Su madre le puso mala cara.
—Mary, esto no es para tomárselo a broma. ¿Qué hemos utilizado las últimas veces? Ayer fueron sartenes, y el gong lo usamos el martes. ¿Qué hicimos el lunes?
—¿El piano?
—No puede esperar que nos encarguemos nosotras de idear todos los días cosas nuevas. Por mí, tiraría los platos de postre por las escaleras, si sirviese de algo, pero… ¡ay, por Dios, ya es la hora!
Se apresuraron hacia el recibidor y levantaron la tapa del piano. La señora Lane se sentó ante el teclado con un aire de resignada futilidad, su hija a su lado, muy ufana. Alzaron las cuatro manos, miraron el reloj, y al dar las once, dejaron caer con todas sus fuerzas los dedos sobre el teclado.
—¡Muy bien! ¡Si no oye esto, no oirá nada! —exclamó Mary, satisfecha.
En el piso superior, con el reloj en la mano, Bellman velaba a Dora, observando su rostro mientras la vibración del piano reverberaba disonante por toda la casa.
Escribió dos palabras en su cuaderno. «Sin reacción».
—Paciencia —aconsejó Sanderson cuando Bellman le mostró las páginas de su libreta con los resultados de sus pruebas diarias.
La respiración de Dora era muy leve, lenta y constante. Su pulso, débil, lento y regular. No veía nada, no oía nada, se pasaba la mayor parte del tiempo en lo que parecía ser un sueño profundo, y cuando sus ojos se abrían, no veía más de lo que percibiría un gatito recién nacido. El pelo no le había vuelto a crecer, y cada día la señora Lane y él recogían pestañas caídas de sus mejillas. Suspendida en una especie de limbo, Dora no había muerto, pero tampoco vivía.
—Ha llegado al límite. Su situación es estable, tenemos que dar las gracias por eso —dijo el médico.
Bellman había conseguido su milagro; no era realista esperar otro. El tifus había asolado la ciudad y a su familia, había estado a un paso de llevarse a Dora, y en el último momento había remitido. Tras la devastación, él no se había cuestionado por qué se había hecho merecedor de aquel indulto. Se limitó a contemplarlo asombrado.

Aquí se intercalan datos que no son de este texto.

(* Fix $\beta>1$ and let $(D_n)_{n\geq1}$ be a sequence of non-empty finite sets of generalised $\beta$-digits. Let $k\geq3$ be odd, and suppose that $D_n=D_k$ for every odd $n>k$ and $D_n=\{0\}$ for every other $n>1$. With $\ell_n,u_n$ the least and greatest elements of $D_n$, $\Delta_n=u_n-\ell_n$, and $\delta_n$ the largest gap between consecutive elements of $D_n$ ($\delta_n=0$ if $|D_n|=1$), the family of inequalities $$\delta_n\leq\sum_{i=1}^{\infty}\Delta_{n+i}\,\beta^{-i}\qquad(n\geq1)$$ is equivalent to the pair of inequalities $$(\beta^2-1)\,\delta_k\leq\Delta_k\qquad\text{and}\qquad(\beta^{k-1}-\beta^{k-3})\,\delta_1\leq\Delta_k.$$
   Context: A generalised $\beta$-digit is a string $c_0.c_1\ldots c_k$ of non-negative integers, with value $\sum_{i=0}^k c_i\beta^{-i}$ (an ordinary non-negative integer is a generalised digit of length 1). Least/greatest elements and gaps are taken with respect to these values. *)

From HB Require Import structures.
From mathcomp Require Import all_boot all_order all_algebra.
From mathcomp Require Import finmap.
From mathcomp Require Import all_classical all_reals all_analysis.
Set Implicit Arguments. Unset Strict Implicit. Unset Printing Implicit Defensive.
Import Order.TTheory GRing.Theory Num.Theory.
Local Open Scope ring_scope.
Local Open Scope fset_scope.

(* A generalised beta-digit c_0.c_1...c_k is encoded as the pair
   (c_0, [:: c_1; ...; c_k]) of non-negative integers (length >= 1). *)
Definition gdigit := (nat * seq nat)%type.

Definition gzero : gdigit := (0%N, [::]).

Definition dval (R : realType) (beta : R) (d : gdigit) : R :=
  (d.1)%:R + \sum_(i < size d.2) (nth 0%N d.2 i)%:R / beta ^+ i.+1.

Definition vals (R : realType) (beta : R) (A : {fset gdigit}) : seq R :=
  sort <=%R (undup [seq dval beta d | d <- enum_fset A]).

Definition lowd (R : realType) (beta : R) (A : {fset gdigit}) : R :=
  head 0 (vals beta A).
Definition uppd (R : realType) (beta : R) (A : {fset gdigit}) : R :=
  last 0 (vals beta A).
Definition Deltad (R : realType) (beta : R) (A : {fset gdigit}) : R :=
  uppd beta A - lowd beta A.

Definition deltad (R : realType) (beta : R) (A : {fset gdigit}) : R :=
  let s := vals beta A in
  \big[Num.max/0]_(p <- zip s (behead s)) (p.2 - p.1).

Definition infsum (R : realType) (a : nat -> R) : R :=
  limn (fun N => \sum_(0 <= i < N) a i).

(* For n > 1 the hypotheses make D_n equal to D_k when n is odd and n >= k, and
   {0} (with delta_n = Delta_n = 0) otherwise.  Hence the right-hand side of the
   n-th inequality is Delta_k times the sum of beta^-i over the even i > 0 with
   n + i >= k: for odd n >= k this is Delta_k / (beta^2 - 1), for n = 1 it is
   Delta_k / (beta^(k-1) - beta^(k-3)), and for every other n the inequality
   just says that a sum of nonnegative terms is nonnegative.  Such an even
   geometric tail is summed by passing to the limit in S_(N+2) = S_2 + beta^-2 S_N,
   where S_N are its partial sums started at the first nonzero term. *)

From HB Require Import structures.
From mathcomp Require Import all_boot all_order all_algebra.
From mathcomp Require Import finmap.
From mathcomp Require Import all_classical all_reals all_analysis.
From mathcomp Require Import ring.
Import numFieldNormedType.Exports.
Import Order.TTheory GRing.Theory Num.Theory.
Local Open Scope ring_scope.
Local Open Scope classical_set_scope.

Section series.
Variable R : realType.
Implicit Types (a : nat -> R) (c r : R).

Lemma is_cvg_series_geometric_le a c r : 0 <= r < 1 ->
  (forall i, 0 <= a i <= c * r ^+ i) -> cvgn (series a).
Proof.
move=> /andP[r_ge0 r_lt1] ha; have c_ge0 : 0 <= c.
  by have /andP[a0] := ha 0%N; rewrite expr0 mulr1; apply: le_trans.
apply: (@series_le_cvg _ a (geometric c r)).
- by move=> i; have /andP[] := ha i.
- by move=> i; rewrite mulr_ge0 ?exprn_ge0.
- by move=> i; have /andP[] := ha i.
by apply: is_cvg_geometric_series; rewrite ger0_norm.
Qed.

Lemma infsum_ge0 a : (forall i, 0 <= a i) -> cvgn (series a) -> 0 <= infsum a.
Proof.
move=> a_ge0 a_cvg; apply: limr_ge => //; apply: nearW => N.
by apply: sumr_ge0 => i _.
Qed.

Lemma infsum_eventually_geometric a m p r : r != 1 -> cvgn (series a) ->
  (forall i, (i < m)%N -> a i = 0) ->
  (forall i, (m <= i)%N -> a (i + p)%N = r * a i) ->
  infsum a = series a (p + m)%N / (1 - r).
Proof.
move=> r_neq1 a_cvg a_lt_m a_rec; set l := infsum a.
pose T N := series a (N + m)%N.
have T0 : T 0%N = 0.
  by rewrite /T /series /= big_nat_cond big1 // => i /andP[/andP[_ im] _]; apply: a_lt_m.
have T_rec N : T (N + p)%N = T p + r * T N.
  elim: N => [|N IH]; first by rewrite T0 mulr0 addr0.
  rewrite /T !addSn !seriesSr -[series a (N + p + m)]/(T (N + p)) IH.
  by rewrite -addrA mulrDr -a_rec ?leq_addl // addnAC.
have Tl : T @ \oo --> l by rewrite /T cvg_shiftn.
have Tpl : (fun N => T (N + p)%N) @ \oo --> l by rewrite cvg_shiftn.
have Tpl' : (fun N => T (N + p)%N) @ \oo --> T p + r * l.
  rewrite (funext T_rec).
  by apply: cvgD; [exact: cvg_cst|exact: cvgMl_tmp].
have el : l = T p + r * l by exact: cvg_unique _ Tpl Tpl'.
have r1_neq0 : 1 - r != 0 by rewrite subr_eq0 eq_sym.
by apply: (mulIf r1_neq0); rewrite mulfVK // mulrBr mulr1 {1}el (mulrC l) addrK.
Qed.

Definition even_tail (beta : R) (m i : nat) : R :=
  if ~~ odd i && (m <= i)%N then (beta ^+ i)^-1 else 0.

Lemma infsum_even_tail (beta c : R) m : 1 < beta -> (2 <= m)%N -> ~~ odd m ->
  infsum (fun i => c * even_tail beta m i) = c / (beta ^+ m - beta ^+ (m - 2)).
Proof.
move=> beta_gt1 m_ge2 m_even; have beta_gt0 : 0 < beta by apply: lt_trans beta_gt1.
have r_neq1 : (beta ^+ 2)^-1 != 1 by rewrite invr_eq1 gt_eqF // expr_gt1 ?ltW.
have tail_cvg : cvgn (series (even_tail beta m)).
  apply: (@is_cvg_series_geometric_le _ 1 beta^-1).
    by rewrite invr_ge0 ltW //= invf_lt1.
  move=> i; rewrite mul1r exprVn /even_tail.
  by case: ifP; rewrite lexx ?andbT // invr_ge0 exprn_ge0 // ltW.
rewrite (@infsum_eventually_geometric _ m 2 (beta ^+ 2)^-1) //; first last.
- move=> i mi; rewrite mulrCA /even_tail addn2 /= negbK mi.
  rewrite (leq_trans mi) ?leqW //.
  by case: (odd i); rewrite /= ?mulr0 // -invfM -exprD add2n.
- by move=> i im; rewrite /even_tail leqNgt im andbF mulr0.
- exact: (@is_cvg_seriesZ _ _ c tail_cvg).
rewrite add2n /series /= big_nat_recr ?leqW // big_nat_recr //=.
rewrite big_nat_cond big1 ?add0r; last first.
  by move=> i /andP[/andP[_ im] _]; rewrite /even_tail leqNgt im andbF mulr0.
rewrite /even_tail /= m_even leqnn leqnSn /= mulr0 addr0.
have -> : beta ^+ m = beta ^+ (m - 2) * beta ^+ 2 by rewrite -exprD subnK.
have t_neq0 : beta ^+ (m - 2) != 0 by rewrite expf_neq0 // gt_eqF.
have b21_neq0 : beta ^+ 2 - 1 != 0 by rewrite subr_eq0 -(inj_eq invr_inj) invr1.
have -> : beta ^+ (m - 2) * beta ^+ 2 - beta ^+ (m - 2) =
          beta ^+ (m - 2) * (beta ^+ 2 - 1) by rewrite mulrBr mulr1.
by field; rewrite b21_neq0 t_neq0 gt_eqF.
Qed.
End series.

Section digit_sets.
Variable R : realType.
Implicit Types (beta : R) (A : {fset gdigit}).

Lemma vals_fset_gzero beta : vals beta [fset gzero]%fset = [:: 0].
Proof. by rewrite /vals -fset_seq1 /= /dval /= big_ord0 addr0. Qed.

Lemma Deltad_fset_gzero beta : Deltad beta [fset gzero]%fset = 0.
Proof. by rewrite /Deltad /uppd /lowd vals_fset_gzero subrr. Qed.

Lemma deltad_fset_gzero beta : deltad beta [fset gzero]%fset = 0.
Proof. by rewrite /deltad vals_fset_gzero big_nil. Qed.

Lemma Deltad_ge0 beta A : 0 <= Deltad beta A.
Proof.
rewrite /Deltad /uppd /lowd subr_ge0.
have : sorted <=%R (vals beta A) by apply: sort_sorted; exact: le_total.
case: (vals beta A) => [|x s] //= s_sorted.
have /allP x_le := order_path_min (@le_trans _ R) s_sorted.
by have := mem_last x s; rewrite inE => /orP[/eqP ->|/x_le].
Qed.
End digit_sets.

Definition Deltad_tail {R : realType} (beta : R) (D : nat -> {fset gdigit})
    (n : nat) : R :=
  infsum (fun i => if i == 0%N then 0 else Deltad beta (D (n + i)%N) / beta ^+ i).

Section corollary.
Context {R : realType} {beta : R} {D : nat -> {fset gdigit}} {k : nat}.
Hypotheses (beta_gt1 : 1 < beta) (k_ge3 : (3 <= k)%N) (k_odd : odd k).
Hypothesis D_odd : forall n, (k < n)%N -> odd n -> D n = D k.
Hypothesis D_gzero : forall n, (1 < n)%N -> n != k -> ~~ (odd n && (k < n)%N) ->
  D n = [fset gzero]%fset.

Let Dk := Deltad beta (D k).

Lemma D_shape n : (1 < n)%N ->
  D n = if odd n && (k <= n)%N then D k else [fset gzero]%fset.
Proof.
move=> n_gt1; have [->|n_neq_k] := eqVneq n k; first by rewrite k_odd leqnn.
case: ifP => [/andP[n_odd k_le_n]|n_not].
  by rewrite D_odd // ltn_neqAle eq_sym n_neq_k.
by rewrite D_gzero //; apply: contraFN n_not => /andP[-> /ltnW].
Qed.

Lemma Deltad_tail_term n i : (1 <= n)%N ->
  (if i == 0%N then 0 else Deltad beta (D (n + i)%N) / beta ^+ i) =
  if (0 < i)%N && odd (n + i) && (k <= n + i)%N then Dk / beta ^+ i else 0.
Proof.
move=> n_ge1; case: (posnP i) => [->|i_gt0] //=.
rewrite D_shape; last by rewrite -addn1 leq_add.
by case: ifP; rewrite ?Deltad_fset_gzero ?mul0r.
Qed.

Lemma Deltad_tail_ge0 n : (1 <= n)%N -> 0 <= Deltad_tail beta D n.
Proof.
have beta_gt0 : 0 < beta by apply: lt_trans beta_gt1.
move=> n_ge1; have term_bound i :
    0 <= (if i == 0%N then 0 else Deltad beta (D (n + i)%N) / beta ^+ i) <=
    Dk * beta^-1 ^+ i.
  rewrite Deltad_tail_term // exprVn; case: ifP => _.
    by rewrite lexx andbT divr_ge0 ?Deltad_ge0 ?exprn_ge0 ?ltW.
  by rewrite lexx mulr_ge0 ?Deltad_ge0 ?invr_ge0 ?exprn_ge0 ?ltW.
apply: infsum_ge0 => [i|]; first by have /andP[] := term_bound i.
apply: is_cvg_series_geometric_le term_bound.
by rewrite invr_ge0 ltW //= invf_lt1.
Qed.

Lemma Deltad_tail_odd n : odd n -> (k <= n)%N ->
  Deltad_tail beta D n = Dk / (beta ^+ 2 - 1).
Proof.
move=> n_odd k_le_n; rewrite -[1](expr0 beta) -(subnn 2).
rewrite -infsum_even_tail //; congr infsum; apply: funext => i.
rewrite Deltad_tail_term ?(leq_trans _ k_le_n) ?(leq_trans _ k_ge3) //.
rewrite oddD n_odd (leq_trans k_le_n) ?leq_addr // andbT /even_tail.
by case: i => [|[|i]] /=; rewrite ?mulr0 //; case: ifP; rewrite ?mulr0.
Qed.

Lemma Deltad_tail_1 : Deltad_tail beta D 1 = Dk / (beta ^+ (k - 1) - beta ^+ (k - 3)).
Proof.
have k1_ge2 : (2 <= k - 1)%N by rewrite ltn_subRL.
rewrite -[(k - 3)%N]/(k - (1 + 2))%N subnDA -infsum_even_tail //; last first.
  by rewrite oddB ?k_odd // (leq_trans _ k_ge3).
congr infsum; apply: funext => i; rewrite Deltad_tail_term // /even_tail.
rewrite oddD /= -leq_subLR.
case: (leqP (k - 1) i) => [k1_le_i|_]; last by rewrite !andbF mulr0.
rewrite !andbT (leq_trans (ltnW k1_ge2) k1_le_i) /=.
by case: (odd i); rewrite /= ?mulr0.
Qed.
End corollary.

Local Open Scope fset_scope.

Theorem corollary2p3 (R : realType) (beta : R) (D : nat -> {fset gdigit})
    (k : nat) :
  1 < beta ->
  (forall n, (1 <= n)%N -> D n != fset0) ->
  (3 <= k)%N -> odd k ->
  (forall n, (k < n)%N -> odd n -> D n = D k) ->
  (forall n, (1 < n)%N -> n != k -> ~~ (odd n && (k < n)%N) ->
     D n = [fset gzero]) ->
  ((forall n, (1 <= n)%N ->
      deltad beta (D n) <=
      infsum (fun i => if i == 0%N then 0
                       else Deltad beta (D (n + i)%N) / beta ^+ i))
   <->
   ((beta ^+ 2 - 1) * deltad beta (D k) <= Deltad beta (D k) /\
    (beta ^+ (k - 1) - beta ^+ (k - 3)) * deltad beta (D 1%N)
      <= Deltad beta (D k))).
Proof.
move=> beta_gt1 _ k_ge3 k_odd D_odd D_gzero.
have k_ge1 : (1 <= k)%N by apply: leq_trans k_ge3.
have gap2_gt0 : 0 < beta ^+ 2 - 1 by rewrite subr_gt0 -{1}(expr0 beta) ltr_eXn2l.
have gapk_gt0 : 0 < beta ^+ (k - 1) - beta ^+ (k - 3).
  by rewrite subr_gt0 ltr_eXn2l // ltn_sub2l // (leq_trans _ k_ge3).
have tail_odd := Deltad_tail_odd beta_gt1 k_ge3 k_odd D_odd D_gzero.
have tail_1 := Deltad_tail_1 beta_gt1 k_ge3 k_odd D_odd D_gzero.
split=> [tail_bound | [bound_k bound_1] n n_ge1].
  split; rewrite mulrC -ler_pdivlMr //; [rewrite -(tail_odd k) // | rewrite -tail_1];
    exact: tail_bound.
rewrite -/(Deltad_tail beta D n).
have [->|n_neq1] := eqVneq n 1%N; first by rewrite tail_1 ler_pdivlMr // mulrC.
rewrite (D_shape k_odd D_odd D_gzero); last by rewrite ltn_neqAle eq_sym n_neq1.
case: ifP => [/andP[n_odd k_le_n]|_].
  by rewrite tail_odd // ler_pdivlMr // mulrC.
by rewrite deltad_fset_gzero (Deltad_tail_ge0 beta_gt1 k_odd D_odd D_gzero).
Qed.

Se pasaba todo el tiempo junto a la cama de su hija y no iba a la fábrica. Después de siete días, un muchacho llamó a la puerta para entregarle un mensaje. Todo marchaba bien, pero ¿podía el jefe de contabilidad pasarse a informar al señor Bellman?
Aquella noche, Ned se presentó en el estudio acompañado por Mary. Crace iba con él. La sala estaba helada; el fuego que había encendido la chica todavía no había ahuyentado la gelidez acumulada tras permanecer vacía durante un mes. Crace jamás había entrado en la casa de la fábrica, Ned en pocas ocasiones. Esperaron en silencio, observando las tablas del suelo, los ángulos de las cornisas y otras insignificancias, su curiosidad y su compasión bien dispuestas. Aguardaban con tal concentración que cuando la puerta crujió y apareció su director, dieron un salto. Quizá había motivos para ello, porque estaba cambiado, si bien el cambio no era externo. Lo miraron con ojos desconcertados, como quien deja vagar la mirada por una zona donde algo que solía estar ya no está.
Le dieron el pésame en los términos habituales. Ned era consciente de que sus caras expresarían el resto: que pesar era solo una mínima parte de lo que sentían, que toda la ciudad conocía el sufrimiento, si bien pocos habían sufrido como Bellman. Lo que había sucedido en la casa de la fábrica era desmesurado… Pero el director no dio señales de verle ni de escucharle. Ned miró a Crace, que también estaba perplejo.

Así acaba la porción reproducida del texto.